Their answers: perception that participation enhances professional reputation is the biggest predictor of knowledge contribution. There's weak evidence that people who like helping provide more helpful results. Reciprocity and commitment didn't do anything, interestingly.
Hew, K. F., & Hara, N. (2007). Knowledge sharing in online environments: A qualitative case study. Journal of the American Society for Information Science and Technology
, 58(14), 2310-2324. DOI:10.1002/asi.20698
This follows on from Wasko & Faraj (both the above and their earlier one). It is a qualitative study of 3 electronic networks of practice: mailing lists for nurses, university web developers, and literacy educators. They were trying to figure out what types of knowledge were shared as well as barriers and motivators toward sharing. It really is enlightening to compare an MIS article with an info sci article: MIS clearly derives measures from theory while info sci cites articles but doesn't clearly derive measures/categories from theory. This article also gave a lot of information on the method, so that makes me happy (in case they care!). The authors combined qualitative content analysis of a pile of postings with semi-structured interviews (57 participants over 14 months, wow). Biggest motivators: collectivism and reciprocity (compare to the lawyers above). Biggest barriers: no additional knowledge, technology (this is more as it was inconvenient or people forgot, not that they couldn't get the e-mails to fly), lack of time, unfamiliarity with the subject being discussed. Categories of knowledge: nurses - mostly institutional practice (this is how we do it at mpow), next biggest personal opinion; web dev - 3 split pretty equally between instiitutional practice, personal suggestion, persional opinion; literacy educators - split pretty evenly between personal suggestion and personal opinion. This is one place in which I would have liked to see them repeat the survey used in Wasko & Faraj - since it held together pretty well - for direct comparability in terms of social exchange theory- derived motivations. Also, they talked about percent agreement, but not Cohen's kappa which is probably more useful because it takes into account the agreement that would happen by chance alone.Of course they negotiated all of their disagreements out so its not so important.

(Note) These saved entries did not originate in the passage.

(* For every integer $m\geq 2$ and every integer $n\geq 3$, the graph $mF_n$ (the disjoint union of $m$ copies of the fan $F_n$) is $C_3$-supermagic.
   Context: All graphs are finite and simple. For a graph $H$, a graph $G=(V,E)$ has an $H$-covering if every edge of $G$ belongs to a subgraph of $G$ isomorphic to $H$. For such $G$, an $H$-magic labeling is a bijection $\lambda: V\cup E\to\{1,2,\dots,|V|+|E|\}$ for which there is a constant $c$ such that for every subgraph $H'=(V',E')$ of $G$ isomorphic to $H$, $\sum_{v\in V'}\lambda(v)+\sum_{e\in E'}\lambda(e)=c$. It is $H$-supermagic if moreover $\{\lambda(v):v\in V\}=\{1,\dots,|V|\}$; $G$ is $H$-supermagic if it admits such a labeling. $C_k$ is the cycle of length $k$. $mG$ denotes the disjoint union of $m$ copies of $G$. For $n\geq 3$, the fan $F_n=K_1+P_n$ has vertices $c,v_1,\dots,v_n$ and edges $cv_i$ ($1\le i\le n$) and $v_iv_{i+1}$ ($1\le i\le n-1$). *)

From mathcomp Require Import all_boot.
Set Implicit Arguments. Unset Strict Implicit. Unset Printing Implicit Defensive.

(* A simple graph is given by a finite vertex type V and an adjacency
   relation adj : rel V (symmetric and irreflexive in all our uses).
   An edge is a 2-element vertex set {u, v} with adj u v. *)
Definition edge_set (V : finType) (adj : rel V) : {set {set V}} :=
  [set e : {set V} | [exists u, exists v, adj u v && (e == [set u; v])]].

Definition edge (V : finType) (adj : rel V) : finType :=
  {e : {set V} | e \in edge_set adj}.

Definition elt (V : finType) (adj : rel V) : finType := (V + edge adj)%type.

Definition is_H_subgraph (VH : finType) (eH : rel VH) (V : finType) (adj : rel V)
    (V' : {set V}) (E' : {set edge adj}) : Prop :=
  (forall e, e \in E' -> val e \subset V') /\
  exists f : VH -> V,
    [/\ injective f, f @: setT = V' &
        forall a b, eH a b <-> exists2 e, e \in E' & val e = [set f a; f b]].

Definition H_covering (VH : finType) (eH : rel VH) (V : finType) (adj : rel V) : Prop :=
  forall e : edge adj, exists V' E', is_H_subgraph eH V' E' /\ e \in E'.

Definition is_total_labeling (V : finType) (adj : rel V) (lam : elt adj -> nat) : Prop :=
  [/\ injective lam,
      forall x, 1 <= lam x <= #|V| + #|edge adj| &
      forall k, 1 <= k <= #|V| + #|edge adj| -> exists x, lam x = k].

Definition H_magic_labeling (VH : finType) (eH : rel VH) (V : finType) (adj : rel V)
    (lam : elt adj -> nat) : Prop :=
  is_total_labeling lam /\
  exists c, forall (V' : {set V}) (E' : {set edge adj}), is_H_subgraph eH V' E' ->
    \sum_(v in V') lam (inl v) + \sum_(e in E') lam (inr e) = c.

Definition H_supermagic_labeling (VH : finType) (eH : rel VH) (V : finType) (adj : rel V)
    (lam : elt adj -> nat) : Prop :=
  H_magic_labeling eH lam /\
  (forall k : nat, (exists v : V, lam (inl v) = k) <-> 1 <= k <= #|V|).

Definition H_supermagic (VH : finType) (eH : rel VH) (V : finType) (adj : rel V) : Prop :=
  H_covering eH adj /\ exists lam : elt adj -> nat, H_supermagic_labeling eH lam.

Definition C3_adj : rel 'I_3 := fun a b => a != b.

(* m F_n: vertex (k, None) is the centre c of copy k, (k, Some i) is v_{i+1}
   of copy k (i < n).  Edges: c v_i and v_i v_{i+1}, within each copy. *)
Definition mfan_vertex (m n : nat) : finType := ('I_m * option 'I_n)%type.

Definition mfan_adj (m n : nat) : rel (mfan_vertex m n) :=
  fun x y => (x.1 == y.1) &&
    match x.2, y.2 with
    | None, Some _ => true
    | Some _, None => true
    | Some i, Some j => (i.+1 == j :> nat) || (j.+1 == i :> nat)
    | None, None => false
    end.
Arguments mfan_adj : clear implicits.

From mathcomp Require Import all_boot zify.
Set Implicit Arguments. Unset Strict Implicit. Unset Printing Implicit Defensive.
(* Let $(A,\varphi,\phi_A,[\cdot,\cdot]_A,a_A,K,\langle\cdot,\cdot\rangle)$ be a para-Kähler hom-Lie algebroid, $\Omega(X,Y)=\langle(\phi_A\circ K)X,Y\rangle$, $\nabla$ the hom-Levi-Civita connection and $\nabla^a$ the connection determined by $\Omega(\nabla^{a}_XY,\phi_A(Z))=a_A(\phi_A(X))\Omega(Y,Z)-\Omega(\phi_A(Y),[X,Z]_A)$ for all $Z\in\Gamma(A)$. Then $\nabla_XY=\nabla^a_XY$ for all $X,Y\in\Gamma(A^1)$, and $\nabla_{\bar X}\bar Y=\nabla^a_{\bar X}\bar Y$ for all $\bar X,\bar Y\in\Gamma(A^{-1})$.
   Context: Standing conventions. $M$ is a smooth manifold, $\varphi:M\to M$ a diffeomorphism, $\varphi^*f=f\circ\varphi$. A hom-bundle $(A\to M,\varphi,\phi_A)$ is a vector bundle $A\to M$ together with an invertible $\mathbb R$-linear map $\phi_A:\Gamma(A)\to\Gamma(A)$ with $\phi_A(fX)=\varphi^*(f)\phi_A(X)$. $\varphi^!TM$ is the pullback bundle; its sections are identified with $\mathbb R$-linear maps $D:C^\infty(M)\to C^\infty(M)$ with $D(fg)=D(f)\varphi^*(g)+\varphi^*(f)D(g)$. A hom-Lie algebroid $(A,\varphi,\phi_A,[\cdot,\cdot]_A,a_A)$ consists of a hom-bundle, a skew-symmetric $\mathbb R$-bilinear bracket on $\Gamma(A)$ with $\phi_A[X,Y]_A=[\phi_A X,\phi_A Y]_A$ and $[\phi_A(X),[Y,Z]_A]_A+[\phi_A(Y),[Z,X]_A]_A+[\phi_A(Z),[X,Y]_A]_A=0$, and a bundle map $a_A:A\to\varphi^!TM$ such that $[X,fY]_A=\varphi^*(f)[X,Y]_A+a_A(\phi_A(X))(f)\phi_A(Y)$, $\varphi^*\circ a_A(X)=a_A(\phi_A(X))\circ\varphi^*$, and $a_A([X,Y]_A)\circ\varphi^*=a_A(\phi_AX)\circ a_A(Y)-a_A(\phi_AY)\circ a_A(X)$. Pseudo-Riemannian metric: a symmetric nondegenerate bilinear form $\langle\cdot,\cdot\rangle$ on $A$ with $\langle\phi_AX,\phi_AY\rangle=\varphi^*\langle X,Y\rangle$. The hom-Levi-Civita connection is the unique $\mathbb R$-bilinear $\nabla:\Gamma(A)\times\Gamma(A)\to\Gamma(A)$ with $\nabla_{fX}Y=\varphi^*(f)\nabla_XY$, $\nabla_X(fY)=\varphi^*(f)\nabla_XY+a_A(\phi_AX)(f)\phi_A(Y)$, $[X,Y]_A=\nabla_XY-\nabla_YX$, and $a_A(\phi_AX)\langle Y,Z\rangle=\langle\nabla_XY,\phi_AZ\rangle+\langle\phi_AY,\nabla_XZ\rangle$. An almost para-complex structure is an invertible map $K:\Gamma(A)\to\Gamma(A)$ with $(\phi_A\circ K)^2=\mathrm{Id}$, $\phi_A\circ K=K\circ\phi_A$, and such that $A^1=\ker(\phi_A\circ K-\mathrm{Id})$ and $A^{-1}=\ker(\phi_A\circ K+\mathrm{Id})$ have the same rank (so $A=A^1\oplus A^{-1}$). $(K,\langle\cdot,\cdot\rangle)$ is almost para-Hermitian if $\langle(\phi_A\circ K)X,(\phi_A\circ K)Y\rangle=-\langle X,Y\rangle$. A para-Kähler hom-Lie algebroid is an almost para-Hermitian hom-Lie algebroid with $\nabla_X\phi_A(KY)=\phi_A(K(\nabla_XY))$ for all $X,Y$, $\nabla$ the hom-Levi-Civita connection. *)

(* Algebraic model of a hom-Lie algebroid:
   F  ~ the real numbers (any real field),
   R  ~ C^oo(M) (a commutative F-algebra),
   V  ~ Gamma(A) (an R-module),
   s  ~ varphi^* (an F-algebra automorphism of R),
   phiA, br (bracket), anch (anchor; a section of varphi^! TM is identified
   with a varphi^*-derivation R -> R), g (metric), nabla, K. *)
From HB Require Import structures.
From mathcomp Require Import all_boot all_order all_algebra.
Set Implicit Arguments. Unset Strict Implicit. Unset Printing Implicit Defensive.
Import GRing.Theory Num.Theory.
Local Open Scope ring_scope.

Section HomLie.
Variables (F : realFieldType) (R : comAlgType F) (V : lmodType R).

(* F-linearity ("R-linearity" in the paper) of maps on sections *)
Definition Flinear (f : V -> V) :=
  forall (c : F) (u v : V), f (c%:A *: u + v) = c%:A *: f u + f v.

Definition Fbilinear (b : V -> V -> V) :=
  (forall X, Flinear (b X)) /\ (forall Y, Flinear (fun X => b X Y)).

Definition base_automorphism (s : R -> R) :=
  [/\ bijective s, (forall x y, s (x + y) = s x + s y),
      (forall x y, s (x * y) = s x * s y), s 1 = 1
    & (forall (c : F) x, s (c *: x) = c *: s x)].

Definition phi_derivation (s : R -> R) (D : R -> R) :=
  (forall (c : F) x y, D (c *: x + y) = c *: D x + D y) /\
  (forall f h, D (f * h) = D f * s h + s f * D h).

Definition hom_bundle (s : R -> R) (phiA : V -> V) :=
  [/\ bijective phiA, Flinear phiA
    & forall (f : R) (X : V), phiA (f *: X) = s f *: phiA X].

Definition hom_Lie_algebroid (s : R -> R) (phiA : V -> V)
    (br : V -> V -> V) (anch : V -> R -> R) :=
  base_automorphism s /\ hom_bundle s phiA /\
  (forall X Y, br X Y = - br Y X) /\ Fbilinear br /\
  (forall X Y, phiA (br X Y) = br (phiA X) (phiA Y)) /\
  (forall X Y Z, br (phiA X) (br Y Z) + br (phiA Y) (br Z X)
                 + br (phiA Z) (br X Y) = 0) /\
  (forall X, phi_derivation s (anch X)) /\
  (forall (f : R) X Y h, anch (f *: X + Y) h = f * anch X h + anch Y h) /\
  (forall X Y (f : R), br X (f *: Y) = s f *: br X Y + anch (phiA X) f *: phiA Y) /\
  (forall X f, s (anch X f) = anch (phiA X) (s f)) /\
  (forall X Y f, anch (br X Y) (s f)
                 = anch (phiA X) (anch Y f) - anch (phiA Y) (anch X f)).

Definition pseudo_metric (s : R -> R) (phiA : V -> V) (g : V -> V -> R) :=
  [/\ (forall X Y, g X Y = g Y X),
      (forall (f : R) X Y Z, g (f *: X + Y) Z = f * g X Z + g Y Z),
      (forall W, (forall Z, g W Z = 0) -> W = 0)
    & (forall X Y, g (phiA X) (phiA Y) = s (g X Y))].

Definition hom_Levi_Civita (s : R -> R) (phiA : V -> V) (br : V -> V -> V)
    (anch : V -> R -> R) (g : V -> V -> R) (nabla : V -> V -> V) :=
  [/\ Fbilinear nabla,
      (forall (f : R) X Y, nabla (f *: X) Y = s f *: nabla X Y),
      (forall X (f : R) Y,
          nabla X (f *: Y) = s f *: nabla X Y + anch (phiA X) f *: phiA Y),
      (forall X Y, br X Y = nabla X Y - nabla Y X)
    & (forall X Y Z, anch (phiA X) (g Y Z)
                     = g (nabla X Y) (phiA Z) + g (phiA Y) (nabla X Z))].

(* almost para-complex structure (without the equal-rank condition) *)
Definition almost_para_complex (phiA : V -> V) (K : V -> V) :=
  [/\ bijective K, (forall X, phiA (K (phiA (K X))) = X)
    & (forall X, phiA (K X) = K (phiA X))].

Definition almost_para_Hermitian (phiA : V -> V) (K : V -> V) (g : V -> V -> R) :=
  almost_para_complex phiA K /\
  (forall X Y, g (phiA (K X)) (phiA (K Y)) = - g X Y).

Definition para_Kahler (s : R -> R) (phiA : V -> V) (br : V -> V -> V)
    (anch : V -> R -> R) (K : V -> V) (g : V -> V -> R) (nabla : V -> V -> V) :=
  [/\ hom_Lie_algebroid s phiA br anch, pseudo_metric s phiA g,
      almost_para_Hermitian phiA K g, hom_Levi_Civita s phiA br anch g nabla
    & (forall X Y, nabla X (phiA (K Y)) = phiA (K (nabla X Y)))].

Definition Omega (phiA : V -> V) (K : V -> V) (g : V -> V -> R) (X Y : V) : R :=
  g (phiA (K X)) Y.

Definition inA1 (phiA K : V -> V) (X : V) := phiA (K X) = X.
Definition inAm1 (phiA K : V -> V) (X : V) := phiA (K X) = - X.

End HomLie.

(* Metric compatibility and torsion-freeness of the hom-Levi-Civita connection,
   together with the parallelism of phi_A o K, give for all X, Y, Z
     a(phi X) Omega(Y, Z) - Omega(phi Y, [X, Z]) = Omega(nabla_X Y, phi Z) + Omega(phi Y, nabla_Z X).
   When X and Y both lie in A^1 (or both in A^{-1}), so do phi Y and nabla_Z X, and the last
   term vanishes because A^{+-1} is isotropic for the para-Hermitian metric.  Hence nabla_X Y and
   nabla^a_X Y have the same Omega-pairing with every phi Z, and Omega is nondegenerate on the
   image of the bijection phi_A. *)
From Pilot Require Import Defs.
From HB Require Import structures.
From mathcomp Require Import all_boot all_order all_algebra.
Set Implicit Arguments. Unset Strict Implicit. Unset Printing Implicit Defensive.
Import GRing.Theory Num.Theory.
Local Open Scope ring_scope.

Lemma additiveN (U W : zmodType) (f : U -> W) :
  {morph f : u v / u + v} -> {morph f : u / - u}.
Proof.
move=> fD u; have f0 : f 0 = 0 by apply: (@addrI _ (f 0)); rewrite -fD !addr0.
by apply/eqP; rewrite -addr_eq0 -fD addNr f0.
Qed.

Lemma FlinearD (F : realFieldType) (R : comAlgType F) (V : lmodType R) (f : V -> V) :
  Flinear f -> {morph f : u v / u + v}.
Proof. by move=> fl u v; have := fl 1 u v; rewrite !scale1r. Qed.

Lemma eqNr_eq0 (F : numFieldType) (W : lmodType F) (x : W) : x = - x -> x = 0.
Proof.
move=> xN; have x2 : x *+ 2 = 0 by rewrite mulr2n {1}xN addNr.
have : (2%:R : F)^-1 *: (x *+ 2) = 0 by rewrite x2 scaler0.
by rewrite -scaler_nat scalerA mulVf ?scale1r ?pnatr_eq0.
Qed.

Section ParaKahler.
Variables (F : realFieldType) (R : comAlgType F) (V : lmodType R).
Variables (s : R -> R) (phiA : V -> V) (br : V -> V -> V) (anch : V -> R -> R).
Variables (K : V -> V) (g : V -> V -> R) (nabla : V -> V -> V).
Hypothesis hPK : para_Kahler s phiA br anch K g nabla.

Local Notation Omega := (Omega phiA K g).
Local Notation inA1 := (inA1 phiA K).
Local Notation inAm1 := (inAm1 phiA K).

Lemma phiAN : {morph phiA : u / - u}.
Proof.
by case: hPK => [[_ [[_ phiFl _] _]] _ _ _ _]; apply/additiveN/FlinearD/phiFl.
Qed.

Lemma phiA_surjective Z : exists Z', Z = phiA Z'.
Proof.
case: hPK => [[_ [[[phiV _ phiAK] _ _] _]] _ _ _ _].
by exists (phiV Z); rewrite phiAK.
Qed.

Lemma phiAKC X : phiA (K (phiA X)) = phiA (phiA (K X)).
Proof. by case: hPK => _ _ [[_ _ phiK] _] _ _; rewrite -phiK. Qed.

Lemma nablaN X : {morph nabla X : u / - u}.
Proof.
by case: hPK => _ _ _ [nablaFl _ _ _ _] _; apply/additiveN/FlinearD/nablaFl.1.
Qed.

Lemma metricDl Z : {morph g^~ Z : u v / u + v}.
Proof. by case: hPK => _ [_ gl _ _] _ _ _ u v /=; rewrite -(scale1r u) gl mul1r scale1r. Qed.

Lemma metricNl Z : {morph g^~ Z : u / - u}.
Proof. exact/additiveN/metricDl. Qed.

Lemma metricDr Z : {morph g Z : u v / u + v}.
Proof.
by case: hPK => _ [gC _ _ _] _ _ _ u v; rewrite gC metricDl -!(gC Z).
Qed.

Lemma metricNr Z : {morph g Z : u / - u}.
Proof. exact/additiveN/metricDr. Qed.

Lemma Omega_phiA_inj n n' :
  (forall Z, Omega n (phiA Z) = Omega n' (phiA Z)) -> n = n'.
Proof.
case: hPK => _ [_ _ gnd _] [[_ phiKK _] _] _ _ eqOm.
have : phiA (K n) - phiA (K n') = 0.
  apply: gnd => Z; have [Z' ->] := phiA_surjective Z.
  by rewrite metricDl metricNl [g _ _]eqOm subrr.
by move/eqP; rewrite subr_eq0 => /eqP eqK; rewrite -(phiKK n) -(phiKK n') eqK.
Qed.

Lemma Omega_nabla_bracket X Y Z :
  anch (phiA X) (Omega Y Z) - Omega (phiA Y) (br X Z)
  = Omega (nabla X Y) (phiA Z) + Omega (phiA Y) (nabla Z X).
Proof.
case: hPK => _ _ _ [_ _ _ brE compat] nablaK; rewrite /Omega.
by rewrite compat nablaK -phiAKC brE metricDr metricNr opprB addrCA addrK addrC.
Qed.

Lemma A1_isotropic U W : inA1 U -> inA1 W -> g U W = 0.
Proof.
case: hPK => _ _ [_ gK] _ _ hU hW.
by apply: eqNr_eq0; rewrite -gK hU hW.
Qed.

Lemma Am1_isotropic U W : inAm1 U -> inAm1 W -> g U W = 0.
Proof.
case: hPK => _ _ [_ gK] _ _ hU hW.
by apply: eqNr_eq0; rewrite -gK hU hW metricNl metricNr opprK.
Qed.

Lemma phiA_A1 Y : inA1 Y -> inA1 (phiA Y).
Proof. by rewrite /Defs.inA1 phiAKC => ->. Qed.

Lemma phiA_Am1 Y : inAm1 Y -> inAm1 (phiA Y).
Proof. by rewrite /Defs.inAm1 phiAKC => ->; rewrite phiAN. Qed.

Lemma nabla_A1 Z X : inA1 X -> inA1 (nabla Z X).
Proof. by case: hPK => _ _ _ _ nablaK hX; rewrite /Defs.inA1 -nablaK hX. Qed.

Lemma nabla_Am1 Z X : inAm1 X -> inAm1 (nabla Z X).
Proof.
by case: hPK => _ _ _ _ nablaK hX; rewrite /Defs.inAm1 -nablaK hX nablaN.
Qed.

Lemma Omega_phiA_nabla_A1 X Y Z :
  inA1 X -> inA1 Y -> Omega (phiA Y) (nabla Z X) = 0.
Proof.
move=> hX hY; rewrite /Defs.Omega phiA_A1 //.
by apply: A1_isotropic; [apply: phiA_A1 | apply: nabla_A1].
Qed.

Lemma Omega_phiA_nabla_Am1 X Y Z :
  inAm1 X -> inAm1 Y -> Omega (phiA Y) (nabla Z X) = 0.
Proof.
move=> hX hY; rewrite /Defs.Omega phiA_Am1 // metricNl.
by rewrite Am1_isotropic ?oppr0 //; [apply: phiA_Am1 | apply: nabla_Am1].
Qed.

Lemma nabla_eq_Omega_connection (nabla_a : V -> V -> V) X Y :
  (forall Z, Omega (nabla_a X Y) (phiA Z)
             = anch (phiA X) (Omega Y Z) - Omega (phiA Y) (br X Z)) ->
  (forall Z, Omega (phiA Y) (nabla Z X) = 0) ->
  nabla X Y = nabla_a X Y.
Proof.
move=> nabla_aE orth; apply: Omega_phiA_inj => Z.
by rewrite nabla_aE Omega_nabla_bracket orth addr0.
Qed.

End ParaKahler.

Theorem mainTheorem6 (F : realFieldType) (R : comAlgType F) (V : lmodType R)
  (s : R -> R) (phiA : V -> V) (br : V -> V -> V) (anch : V -> R -> R)
  (K : V -> V) (g : V -> V -> R) (nabla nabla_a : V -> V -> V) :
  para_Kahler s phiA br anch K g nabla ->
  (forall X Y Z,
     Omega phiA K g (nabla_a X Y) (phiA Z)
     = anch (phiA X) (Omega phiA K g Y Z) - Omega phiA K g (phiA Y) (br X Z)) ->
  (forall X Y, inA1 phiA K X -> inA1 phiA K Y -> nabla X Y = nabla_a X Y) /\
  (forall X Y, inAm1 phiA K X -> inAm1 phiA K Y -> nabla X Y = nabla_a X Y).
Proof.
move=> hPK nabla_aE; split=> X Y hX hY;
  apply: (nabla_eq_Omega_connection hPK (nabla_aE X Y)) => Z.
- exact: (Omega_phiA_nabla_A1 hPK _ hX hY).
- exact: (Omega_phiA_nabla_Am1 hPK _ hX hY).
Qed.
(* Let $\lambda\in\mathbb C$ and put $(\lambda_i,\beta_i)=\Phi^i(\lambda,0)$ for $i\ge 0$ (so $\lambda_0=\lambda$, $\beta_0=0$). Let $n\ge 0$ and suppose that the weights $(\lambda_0,\beta_0),\dots,(\lambda_n,\beta_n)$ are pairwise distinct, $\beta_i\neq 0$ for $1\le i\le n$, and $\beta_{n+1}=0$. Let $F_{\mathrm{hw}}(\lambda)$ be the $(n+1)$-dimensional $L$-module with basis $v_0,\dots,v_n$ and action $hv_i=\lambda_i v_i$ $(0\le i\le n)$; $dv_0=0$, $dv_i=\beta_i v_{i-1}$ $(1\le i\le n)$; $uv_n=0$, $uv_i=v_{i+1}$ $(0\le i\le n-1)$ (this is a simple $L$-module). Let $J_\lambda=\{f(h,ud)\in L_0: f\in\mathbb C[x,y],\ f(\lambda_i,\beta_i)=0 \text{ for } 0\le i\le n\}$. Then the annihilator of $F_{\mathrm{hw}}(\lambda)$ in $L$ is the two-sided ideal $\langle u^{n+1}, d^{n+1}, J_\lambda\rangle$.
   Context: Let $r,s,\gamma\in\mathbb C$ with $rs\neq 0$ and $\phi\in\mathbb C[x]$. The generalized down-up algebra $L=L(\phi,r,s,\gamma)$ is the associative $\mathbb C$-algebra generated by $u,d,h$ subject to $hu-ruh=\gamma u$, $dh-rhd=\gamma d$, $du-sud=\phi(h)$; it is a noetherian domain with $\mathbb C$-basis $\{u^ih^jd^k: i,j,k\ge 0\}$. $L$ is $\mathbb Z$-graded by $\deg u=1$, $\deg d=-1$, $\deg h=0$; $L_i$ denotes the degree-$i$ component, and $L_0$ is the polynomial algebra $\mathbb C[h,ud]$ in the commuting elements $h$ and $ud$. $\langle a_1,\dots,a_k\rangle$ denotes the two-sided ideal generated by the listed elements (or sets). The map $\Phi:\mathbb C^2\to\mathbb C^2$ is $\Phi(\lambda,\beta)=(r\lambda+\gamma,\ s\beta+\phi(\lambda))$. *)

From HB Require Import structures.
From mathcomp Require Import all_boot all_order all_algebra.
Set Implicit Arguments. Unset Strict Implicit. Unset Printing Implicit Defensive.
Import Order.TTheory GRing.Theory Num.Theory.
Local Open Scope ring_scope.

Definition peval (K : fieldType) (A : algType K) (phi : {poly K}) (x : A) : A :=
  \sum_(i < size phi) phi`_i *: x ^+ i.

Definition downup_relations (K : fieldType) (A : algType K)
    (phi : {poly K}) (r s gamma : K) (u d h : A) : Prop :=
  [/\ h * u - r *: (u * h) = gamma *: u,
      d * h - r *: (h * d) = gamma *: d &
      d * u - s *: (u * d) = peval phi h].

Van House, N. A. (2002). Trust and epistemic communities in biodiversity data sharing. JCDL '02: Proceedings of the 2nd ACM/IEEE-CS joint conference on Digital libraries, Portland, Oregon, USA. 231-239.
Not sure about this - I think this article has a lot of value for how well it explains various aspects of social epistemology
. I think I actually get Knorr-Cetina's epistemic cultures more after reading this short piece than reading her whole book. With that said, I'm not 100% sold on the usefulness of this paper (or approach) in designing digital libraries - I want to believe - but I'm not there yet. It's definitely promising. Maybe I'll have to give this another read.